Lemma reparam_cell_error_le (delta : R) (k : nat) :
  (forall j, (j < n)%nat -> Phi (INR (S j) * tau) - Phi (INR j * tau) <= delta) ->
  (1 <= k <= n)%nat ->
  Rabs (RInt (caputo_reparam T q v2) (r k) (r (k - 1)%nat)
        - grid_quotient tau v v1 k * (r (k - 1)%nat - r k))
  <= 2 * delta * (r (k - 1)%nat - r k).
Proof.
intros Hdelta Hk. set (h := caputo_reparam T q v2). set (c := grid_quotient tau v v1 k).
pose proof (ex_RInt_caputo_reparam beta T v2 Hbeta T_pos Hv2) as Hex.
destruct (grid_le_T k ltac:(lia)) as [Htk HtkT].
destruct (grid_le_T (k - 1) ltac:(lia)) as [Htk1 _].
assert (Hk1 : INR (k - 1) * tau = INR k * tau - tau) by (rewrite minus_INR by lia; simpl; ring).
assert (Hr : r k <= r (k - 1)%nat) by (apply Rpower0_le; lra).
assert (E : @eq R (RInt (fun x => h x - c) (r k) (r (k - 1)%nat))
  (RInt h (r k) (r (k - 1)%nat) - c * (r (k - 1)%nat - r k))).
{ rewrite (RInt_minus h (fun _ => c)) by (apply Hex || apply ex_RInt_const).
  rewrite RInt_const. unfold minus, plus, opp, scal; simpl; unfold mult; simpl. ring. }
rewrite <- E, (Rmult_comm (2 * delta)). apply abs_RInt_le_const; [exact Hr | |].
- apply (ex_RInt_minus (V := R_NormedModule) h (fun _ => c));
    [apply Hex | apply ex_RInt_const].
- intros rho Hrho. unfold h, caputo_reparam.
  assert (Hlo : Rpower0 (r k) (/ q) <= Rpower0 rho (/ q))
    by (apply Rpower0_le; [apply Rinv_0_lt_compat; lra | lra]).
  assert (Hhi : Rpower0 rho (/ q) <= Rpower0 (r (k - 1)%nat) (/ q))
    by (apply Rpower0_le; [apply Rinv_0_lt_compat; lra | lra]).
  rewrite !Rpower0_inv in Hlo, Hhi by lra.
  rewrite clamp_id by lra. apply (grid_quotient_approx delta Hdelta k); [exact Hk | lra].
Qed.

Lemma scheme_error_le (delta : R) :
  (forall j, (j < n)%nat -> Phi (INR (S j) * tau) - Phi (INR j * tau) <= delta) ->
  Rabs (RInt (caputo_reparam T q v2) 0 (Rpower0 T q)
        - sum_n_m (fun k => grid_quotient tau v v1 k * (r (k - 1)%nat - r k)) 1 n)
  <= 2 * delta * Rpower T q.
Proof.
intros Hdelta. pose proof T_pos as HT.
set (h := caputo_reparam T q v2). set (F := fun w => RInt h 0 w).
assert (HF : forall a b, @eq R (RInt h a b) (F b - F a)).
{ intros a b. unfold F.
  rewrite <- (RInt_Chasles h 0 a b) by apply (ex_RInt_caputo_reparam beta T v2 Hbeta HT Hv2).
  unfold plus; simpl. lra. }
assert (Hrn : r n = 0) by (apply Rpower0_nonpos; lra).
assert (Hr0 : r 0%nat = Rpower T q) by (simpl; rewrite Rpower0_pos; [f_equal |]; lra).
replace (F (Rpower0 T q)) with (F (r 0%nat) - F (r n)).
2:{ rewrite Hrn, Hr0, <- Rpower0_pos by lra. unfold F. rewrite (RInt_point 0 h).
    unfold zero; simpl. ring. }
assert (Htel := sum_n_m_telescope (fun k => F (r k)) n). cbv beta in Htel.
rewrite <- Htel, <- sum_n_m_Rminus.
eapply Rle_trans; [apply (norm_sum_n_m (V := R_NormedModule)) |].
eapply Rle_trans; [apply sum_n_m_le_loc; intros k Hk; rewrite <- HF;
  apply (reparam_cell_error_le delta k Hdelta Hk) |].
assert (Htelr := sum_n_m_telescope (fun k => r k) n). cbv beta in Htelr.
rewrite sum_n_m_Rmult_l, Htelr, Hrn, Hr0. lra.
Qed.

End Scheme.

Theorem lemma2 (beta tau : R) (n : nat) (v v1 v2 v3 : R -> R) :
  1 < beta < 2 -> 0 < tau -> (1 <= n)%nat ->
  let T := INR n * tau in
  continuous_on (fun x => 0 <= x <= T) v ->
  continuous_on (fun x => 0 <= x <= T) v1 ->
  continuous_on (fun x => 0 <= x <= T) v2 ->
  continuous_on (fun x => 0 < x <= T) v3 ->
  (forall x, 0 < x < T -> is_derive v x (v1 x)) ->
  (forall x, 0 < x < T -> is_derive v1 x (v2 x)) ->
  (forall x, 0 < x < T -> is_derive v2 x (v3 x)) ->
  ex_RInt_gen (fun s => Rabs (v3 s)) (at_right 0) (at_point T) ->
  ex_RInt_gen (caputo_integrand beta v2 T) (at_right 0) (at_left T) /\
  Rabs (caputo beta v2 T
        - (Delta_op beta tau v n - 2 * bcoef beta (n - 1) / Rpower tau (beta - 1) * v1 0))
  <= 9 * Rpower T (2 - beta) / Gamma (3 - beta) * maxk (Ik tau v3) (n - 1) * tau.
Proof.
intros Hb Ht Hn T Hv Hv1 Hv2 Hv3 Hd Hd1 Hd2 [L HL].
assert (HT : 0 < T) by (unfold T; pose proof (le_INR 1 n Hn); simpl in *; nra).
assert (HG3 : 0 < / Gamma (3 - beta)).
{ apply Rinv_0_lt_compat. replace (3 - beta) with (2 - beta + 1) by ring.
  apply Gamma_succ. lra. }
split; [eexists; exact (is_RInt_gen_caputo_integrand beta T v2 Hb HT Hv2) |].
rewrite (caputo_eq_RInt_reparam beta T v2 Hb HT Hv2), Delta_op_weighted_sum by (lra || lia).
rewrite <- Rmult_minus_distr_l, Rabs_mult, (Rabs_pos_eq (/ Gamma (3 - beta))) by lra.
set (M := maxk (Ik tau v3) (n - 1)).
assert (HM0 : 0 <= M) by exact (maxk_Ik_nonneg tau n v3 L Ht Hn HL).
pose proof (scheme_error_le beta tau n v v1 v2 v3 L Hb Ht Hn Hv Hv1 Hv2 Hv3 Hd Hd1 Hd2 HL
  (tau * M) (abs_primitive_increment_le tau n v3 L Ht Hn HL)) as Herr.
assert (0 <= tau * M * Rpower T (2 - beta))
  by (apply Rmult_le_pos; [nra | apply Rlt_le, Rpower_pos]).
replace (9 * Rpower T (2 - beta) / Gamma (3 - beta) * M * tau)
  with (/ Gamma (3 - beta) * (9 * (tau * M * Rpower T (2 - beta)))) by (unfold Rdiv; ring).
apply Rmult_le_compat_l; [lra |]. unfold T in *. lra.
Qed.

....................

What is needed is an exact copy of the lines from the start of the listing through the line where "destruct (grid_le_T k" sits, please, both end lines included and nothing more.

> _RESPONSE TO THIS EXERCISE_:
Lemma reparam_cell_error_le (delta : R) (k : nat) :
  (forall j, (j < n)%nat -> Phi (INR (S j) * tau) - Phi (INR j * tau) <= delta) ->
  (1 <= k <= n)%nat ->
  Rabs (RInt (caputo_reparam T q v2) (r k) (r (k - 1)%nat)
        - grid_quotient tau v v1 k * (r (k - 1)%nat - r k))
  <= 2 * delta * (r (k - 1)%nat - r k).
Proof.
intros Hdelta Hk. set (h := caputo_reparam T q v2). set (c := grid_quotient tau v v1 k).
pose proof (ex_RInt_caputo_reparam beta T v2 Hbeta T_pos Hv2) as Hex.
destruct (grid_le_T k ltac:(lia)) as [Htk HtkT].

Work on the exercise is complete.